Liberté de la presse : ces dispositions et propos qui inquiètent

4 min
À retrouver dans l'émission

Plusieurs dispositions, adoptées ou en projet, ainsi que plusieurs propos du gouvernement, inquiètent au sujet de la liberté de la presse. Revue de presse des idées.

Manifestation le 17 novembre à Toulouse contre la loi sur la sécurité globale
Manifestation le 17 novembre à Toulouse contre la loi sur la sécurité globale Crédits : Lionel BONAVENTURE / AFP - AFP

Le débat sur la liberté de la presse a marqué l'actualité cette semaine. Il s'est décliné de plusieurs façons.

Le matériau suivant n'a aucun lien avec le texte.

(* For every finite set $\Xi\subset\mathbb{F}^2$ of distinct points, the Maximal Cartesian Subset Construction procedure described in the context (for any admissible choices made in step 3) terminates after finitely many iterations, and the set $\Xi'$ it returns is a maximal cartesian subset of $\Xi$, i.e. $\Xi'$ is cartesian and there is no cartesian subset $\Xi''\subseteq\Xi$ with $\Xi'\subsetneq\Xi''$.
   Context: $\mathbb{F}$ is a field. A finite set $\mathcal{A}\subset\mathbb{N}_0^2$ is a lower set if with each $(\alpha_1,\alpha_2)$ it contains all $(\alpha_1',\alpha_2')\in\mathbb{N}_0^2$ with $\alpha_1'\le\alpha_1,\alpha_2'\le\alpha_2$. A finite set of distinct points is cartesian if it equals $\{(x_i,y_j):(i,j)\in\mathcal{A}\}$ for a lower set $\mathcal{A}$, pairwise distinct $x_i$ and pairwise distinct $y_j$. $S_x(\Xi)$: with horizontal lines through points of $\Xi$ (one per distinct ordinate) numbered $l^x_0,\dots,l^x_\nu$ so that $l^x_j$ contains $m_j+1$ points and $m_0\ge\cdots\ge m_\nu$, $S_x(\Xi)=\{(i,j):0\le j\le\nu,0\le i\le m_j\}$; $S_y(\Xi)$ is defined symmetrically with vertical lines. A maximal row subset of $\Xi$ is a non-empty set of the form $\Xi\cap\ell$ for a horizontal line $\ell$. Procedure: start with $\Xi'=\emptyset$ and the working set equal to the input $\Xi$. (1) If the working set $\Xi$ is empty, return $\Xi'$. (2) If $S_x(\Xi)=S_y(\Xi)$, replace $\Xi'$ by $\Xi'\cup\Xi$ and return $\Xi'$. (3) Otherwise choose a maximal row subset $A$ of the current $\Xi$ of maximal cardinality; remove from $\Xi$ all points of $A$ and all points whose abscissa differs from every abscissa of the points of $A$; replace $\Xi'$ by $\Xi'\cup A$; go to (1). The returned $\Xi'$ is compared against subsets of the original input set. *)

From HB Require Import structures.
From mathcomp Require Import all_boot all_order all_algebra.
Set Implicit Arguments. Unset Strict Implicit. Unset Printing Implicit Defensive.

Section MCS.
Variable F : fieldType.
Local Notation pt := (F * F)%type.

(* Finite point sets are represented by duplicate-free sequences; set
   operations are understood via membership. *)

Definition lower_set (A : seq (nat * nat)) : Prop :=
  forall a b : nat * nat, a \in A -> b.1 <= a.1 -> b.2 <= a.2 -> b \in A.

Definition cartesian (S : seq pt) : Prop :=
  exists (A : seq (nat * nat)) (x y : nat -> F),
    [/\ lower_set A,
        (forall a b, a \in A -> b \in A -> x a.1 = x b.1 -> a.1 = b.1),
        (forall a b, a \in A -> b \in A -> y a.2 = y b.2 -> a.2 = b.2)
      & (forall p : pt, p \in S <-> exists2 a, a \in A & p = (x a.1, y a.2))].

Definition row_count (S : seq pt) (b : F) : nat := count (fun p => p.2 == b) S.
Definition col_count (S : seq pt) (a : F) : nat := count (fun p => p.1 == a) S.

(* sizes m_0+1 >= m_1+1 >= ... of the horizontal lines *)
Definition row_sizes (S : seq pt) : seq nat :=
  sort geq [seq row_count S b | b <- undup [seq p.2 | p <- S]].
Definition col_sizes (S : seq pt) : seq nat :=
  sort geq [seq col_count S a | a <- undup [seq p.1 | p <- S]].

(* S_x(S) = {(i,j) : 0 <= j <= nu, 0 <= i <= m_j} *)
Definition in_Sx (S : seq pt) (ij : nat * nat) : bool :=
  (ij.2 < size (row_sizes S)) && (ij.1 < nth 0 (row_sizes S) ij.2).
(* S_y(S) = {(i,j) : 0 <= i <= mu, 0 <= j <= n_i} *)
Definition in_Sy (S : seq pt) (ij : nat * nat) : bool :=
  (ij.1 < size (col_sizes S)) && (ij.2 < nth 0 (col_sizes S) ij.1).

Definition Sx_eq_Sy (S : seq pt) : Prop := forall ij, in_Sx S ij = in_Sy S ij.

(* State of the procedure: (Xi', working set Xi). *)
Definition state := (seq pt * seq pt)%type.

Inductive mcs_step : state -> state -> Prop :=
| MCSStep (acc W : seq pt) (b : F) :
    W != [::] -> ~ Sx_eq_Sy W ->
    b \in [seq p.2 | p <- W] ->
    (forall b', row_count W b' <= row_count W b) ->
    let A := [seq p <- W | p.2 == b] in
    mcs_step (acc, W)
      (acc ++ A, [seq p <- W | (p.2 != b) && (p.1 \in [seq q.1 | q <- A])]).

Inductive mcs_return : state -> seq pt -> Prop :=
| MCSEmpty (acc : seq pt) : mcs_return (acc, [::]) acc
| MCSEq (acc W : seq pt) : W != [::] -> Sx_eq_Sy W -> mcs_return (acc, W) (acc ++ W).

Inductive mcs_output : state -> seq pt -> Prop :=
| MCSOutRet s res : mcs_return s res -> mcs_output s res
| MCSOutStep s s' res : mcs_step s s' -> mcs_output s' res -> mcs_output s res.

Definition maximal_cartesian_subset (Xi Xi' : seq pt) : Prop :=
  [/\ cartesian Xi', {subset Xi' <= Xi} &
      forall Xi'' : seq pt, cartesian Xi'' -> {subset Xi'' <= Xi} ->
        {subset Xi' <= Xi''} -> {subset Xi'' <= Xi'}].

End MCS.

From HB Require Import structures.
From mathcomp Require Import all_boot all_order all_algebra.
From Stdlib Require Import Classical Wf_nat.
Set Implicit Arguments. Unset Strict Implicit. Unset Printing Implicit Defensive.

(* A point set is cartesian iff it is corner closed: of the two other corners of the
   rectangle spanned by two of its points, at least one lies in the set.  In a corner
   closed set any two columns are nested, so ranking columns and rows by decreasing length
   turns the set into a lower set.
   Let [b] be a longest row of [W] and [Z] a corner closed subset of [W] containing it.
   Each point [r] of [Z] has [(r.1, b)] in [Z], for otherwise the corners paired with row
   [b] would make row [r.2] of [Z] longer than row [b].  So [Z] consists of row [b] and of
   points off row [b] whose abscissa meets row [b], and that second part is corner closed
   again: step (3) loses no maximal extension.  If [S_x = S_y], the row and column lengths
   are conjugate partitions; a longest row then meets every column and removing it keeps
   [S_x = S_y], so by induction the set is corner closed and step (2) is correct too. *)

Lemma exists_argmax_seq (T : eqType) (f : T -> nat) (s : seq T) :
  s != [::] -> exists2 x, x \in s & forall y, y \in s -> f y <= f x.
Proof.
elim: s => // a s IH _; have [s0 | /IH[b bs maxb]] := eqVneq s [::].
  by exists a => [|y]; rewrite ?mem_head // s0 mem_seq1 => /eqP->.
have [le_ab | lt_ba] := leqP (f a) (f b).
  exists b => [|y]; first by rewrite inE bs orbT.
  by rewrite inE => /predU1P[-> | /maxb].
exists a => [|y]; first exact: mem_head.
by rewrite inE => /predU1P[-> // | /maxb le_yb]; exact: leq_trans le_yb (ltnW lt_ba).
Qed.

Lemma size_filter_lt (T : eqType) (a : pred T) (s : seq T) x :
  x \in s -> ~~ a x -> size [seq y <- s | a y] < size s.
Proof.
move=> xs nax; rewrite size_filter -(count_predC a) -addn1 leq_add2l -has_count.
by apply/hasP; exists x.
Qed.

Lemma eq_count_uniq (T : eqType) (P : pred T) (s1 s2 : seq T) :
  uniq s1 -> uniq s2 -> (forall x, P x -> (x \in s1) = (x \in s2)) ->
  count P s1 = count P s2.
Proof.
move=> u1 u2 eq12; rewrite -!size_filter; apply/perm_size/uniq_perm; rewrite ?filter_uniq //.
by move=> x; rewrite !mem_filter; case: (boolP (P x)) => //= /eq12.
Qed.

Lemma count_sorted_geq (s : seq nat) i j : sorted geq s ->
  (j < size s) && (i < nth 0 s j) = (j < count (leq i.+1) s).
Proof.
elim: s j => [|c s IH] j; first by case: j.
rewrite /= (path_sortedE (fun _ _ _ h1 h2 => leq_trans h2 h1)).
move=> /andP[/allP le_s_c sorted_s].
have [lt_ic | le_ci] := ltnP i c; first by case: j => [|j]; rewrite //= add1n ltnS IH.
have no_longer : count (leq i.+1) s = 0.
  apply/eqP; rewrite -leqn0 leqNgt -has_count; apply/hasP => -[d /le_s_c le_dc].
  by rewrite ltnNge (leq_trans le_dc le_ci).
case: j => [|j]; rewrite /= add0n no_longer; first by rewrite ltnNge le_ci.
by rewrite ltnS IH // no_longer.
Qed.

Section CornerClosed.
Variable F : fieldType.
Local Notation pt := (F * F)%type.

Definition corner_closed (S : seq pt) : Prop :=
  forall p q, p \in S -> q \in S -> (p.1, q.2) \in S \/ (q.1, p.2) \in S.

Definition column (S : seq pt) (a : F) : seq F := undup [seq p.2 | p <- S & p.1 == a].

Lemma mem_column (S : seq pt) a c : (c \in column S a) = ((a, c) \in S).
Proof.
rewrite mem_undup; apply/mapP/idP => [[p] | acS].
  by rewrite mem_filter => /andP[/eqP <- pS] ->; rewrite -surjective_pairing.
by exists (a, c); rewrite // mem_filter eqxx.
Qed.

Lemma mem_swap_pair (S : seq pt) a b : ((a, b) \in map swap_pair S) = ((b, a) \in S).
Proof. by rewrite -[(a, b)]/(swap_pair (b, a)) (mem_map (can_inj swap_pairK)). Qed.

Lemma corner_closed_swap (S : seq pt) : corner_closed S -> corner_closed (map swap_pair S).
Proof.
move=> ccS [a b] [c d]; rewrite /= !mem_swap_pair => abS cdS.
by case: (ccS _ _ cdS abS) => h; [left | right].
Qed.

Lemma corner_closed_filter (X Y : pred F) (S : seq pt) :
  corner_closed S -> corner_closed [seq p <- S | X p.1 && Y p.2].
Proof.
move=> ccS p q; rewrite !mem_filter => /andP[/andP[Xp Yp] pS] /andP[/andP[Xq Yq] qS].
by case: (ccS p q pS qS) => h; [left | right]; rewrite /= h ?Xp ?Yq ?Xq ?Yp.
Qed.

(* If some [c] lay in column [a'] but not in column [a], corner closedness would put all
   of column [a] into column [a'], making column [a'] strictly larger. *)
Lemma column_sub (S : seq pt) a a' : corner_closed S ->
  size (column S a') <= size (column S a) -> {subset column S a' <= column S a}.
Proof.
move=> ccS le_a'a c ca'; have [// | nca] := boolP (c \in column S a).
have sub_aa' : {subset column S a <= column S a'}.
  move=> d; rewrite !mem_column => adS; rewrite mem_column in ca'.
  by case: (ccS _ _ adS ca') => /= [acS | //]; rewrite mem_column acS in nca.
have [_ eq_aa'] := uniq_min_size (undup_uniq _) sub_aa' le_a'a.
by rewrite eq_aa' ca' in nca.
Qed.

Definition columns_by_size (S : seq pt) : seq F :=
  sort (fun a a' => size (column S a') <= size (column S a)) (undup [seq p.1 | p <- S]).

Lemma mem_columns_by_size (S : seq pt) a :
  (a \in columns_by_size S) = (a \in [seq p.1 | p <- S]).
Proof. by rewrite mem_sort mem_undup. Qed.

Lemma columns_by_size_uniq (S : seq pt) : uniq (columns_by_size S).
Proof. by rewrite sort_uniq undup_uniq. Qed.

Lemma column_nth_sub (S : seq pt) i i' :
  corner_closed S -> i' <= i -> i < size (columns_by_size S) ->
  {subset column S (nth 0%R (columns_by_size S) i)
       <= column S (nth 0%R (columns_by_size S) i')}.
Proof.
move=> ccS le_i'i lt_i; apply: column_sub => //.
have sorted_cols : sorted (fun a a' => size (column S a') <= size (column S a))
    (columns_by_size S) by apply: sort_sorted => a a'; exact: leq_total.
apply: (sorted_leq_nth _ _ _ sorted_cols) => //; rewrite ?inE ?(leq_ltn_trans le_i'i) //.
by move=> a a' a'' h1 h2; exact: leq_trans h2 h1.
Qed.

Section Grid.
Variable S : seq pt.
Local Notation xs := (columns_by_size S).
Local Notation ys := (columns_by_size (map swap_pair S)).

Lemma mem_columns_by_size_swap b : (b \in ys) = (b \in [seq p.2 | p <- S]).
Proof. by rewrite mem_columns_by_size -map_comp. Qed.

Definition grid : seq (nat * nat) := [seq (index p.1 xs, index p.2 ys) | p <- S].

Lemma nth_index_point p :
  p \in S -> (nth 0%R xs (index p.1 xs), nth 0%R ys (index p.2 ys)) = p.
Proof.
move=> pS; have p1 : p.1 \in xs by rewrite mem_columns_by_size map_f.
have p2 : p.2 \in ys by rewrite mem_columns_by_size_swap map_f.
by rewrite !nth_index // -surjective_pairing.
Qed.

Lemma mem_grid i j :
  ((i, j) \in grid) = [&& i < size xs, j < size ys & (nth 0%R xs i, nth 0%R ys j) \in S].
Proof.
apply/mapP/and3P => [[p pS [-> ->]] | [lt_i lt_j ijS]].
  rewrite !index_mem mem_columns_by_size mem_columns_by_size_swap !map_f //.
  by rewrite nth_index_point.
exists (nth 0%R xs i, nth 0%R ys j) => //.
by rewrite /= !index_uniq ?columns_by_size_uniq.
Qed.

Lemma grid_lower_set : corner_closed S -> lower_set grid.
Proof.
move=> ccS [i j] [i' j'] /=; rewrite !mem_grid => /and3P[lt_i lt_j ijS] le_i'i le_j'j.
have i'jS : (nth 0%R xs i', nth 0%R ys j) \in S.
  by rewrite -mem_column (column_nth_sub ccS le_i'i lt_i) // mem_column.
rewrite (leq_ltn_trans le_i'i lt_i) (leq_ltn_trans le_j'j lt_j) -mem_swap_pair -mem_column.
apply: (column_nth_sub (corner_closed_swap ccS) le_j'j lt_j).
by rewrite mem_column mem_swap_pair.
Qed.

Lemma corner_closed_cartesian : corner_closed S -> cartesian S.
Proof.
move=> ccS; exists grid, (nth 0%R xs), (nth 0%R ys); split; first exact: grid_lower_set.
- move=> [i j] [i' j']; rewrite !mem_grid => /and3P[lt_i _ _] /and3P[lt_i' _ _] /eqP.
  by rewrite nth_uniq ?columns_by_size_uniq // => /eqP.
- move=> [i j] [i' j']; rewrite !mem_grid => /and3P[_ lt_j _] /and3P[_ lt_j' _] /eqP.
  by rewrite nth_uniq ?columns_by_size_uniq // => /eqP.
move=> p; split => [pS | [[i j]]]; last by rewrite mem_grid => /and3P[_ _ ijS] ->.
by exists (index p.1 xs, index p.2 ys); rewrite ?map_f ?nth_index_point.
Qed.

End Grid.

Lemma cartesian_corner_closed (S : seq pt) : cartesian S -> corner_closed S.
Proof.
move=> [A [x [y [lowA _ _ memS]]]] p q /memS[a aA ->] /memS[c cA ->] /=.
have [le_ac | lt_ca] := leqP a.1 c.1.
  by left; apply/memS; exists (a.1, c.2) => //; exact: (lowA c).
by right; apply/memS; exists (c.1, a.2) => //; apply: (lowA a) => //=; exact: ltnW.
Qed.

Lemma cartesianP (S : seq pt) : cartesian S <-> corner_closed S.
Proof. by split; [exact: cartesian_corner_closed | exact: corner_closed_cartesian]. Qed.

Lemma size_column_uniq (S : seq pt) a : uniq S -> size (column S a) = col_count S a.
Proof.
move=> uS; rewrite /column undup_id ?size_map ?size_filter //.
rewrite map_inj_in_uniq ?filter_uniq // => p q.
rewrite !mem_filter => /andP[/eqP p1 _] /andP[/eqP q1 _] eq2.
by rewrite [p]surjective_pairing [q]surjective_pairing p1 q1 eq2.
Qed.

Lemma size_row_uniq (S : seq pt) b :
  uniq S -> size (column (map swap_pair S) b) = row_count S b.
Proof.
move=> uS; rewrite size_column_uniq ?(map_inj_uniq (can_inj swap_pairK)) //.
by rewrite /col_count count_map.
Qed.

Lemma row_count_gt0 (S : seq pt) b : (0 < row_count S b) = (b \in [seq p.2 | p <- S]).
Proof. by rewrite -has_count; apply/hasP/mapP => [[p pS /eqP <-] | [p pS ->]]; exists p. Qed.

Lemma col_count_gt0 (S : seq pt) a : (0 < col_count S a) = (a \in [seq p.1 | p <- S]).
Proof. by rewrite -has_count; apply/hasP/mapP => [[p pS /eqP <-] | [p pS ->]]; exists p. Qed.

Par exemple celle-ci: les journalistes doivent-ils s'accréditer dorénavant pour couvrir une manifestation ? C'est ce qu'a laissé entendre mercredi Gérald Darmanin, ministre de l'intérieur, avant de rétropédaler en quelques sortes, et de faire une déclaration beaucoup plus modérée selon laquelle "les journalistes peuvent, sans en avoir l’obligation, prendre contact avec les préfectures en amont des manifestations". Même si le ministre a essayé de calmer le jeu, les inquiétudes sont là et on peut les lire dans la presse.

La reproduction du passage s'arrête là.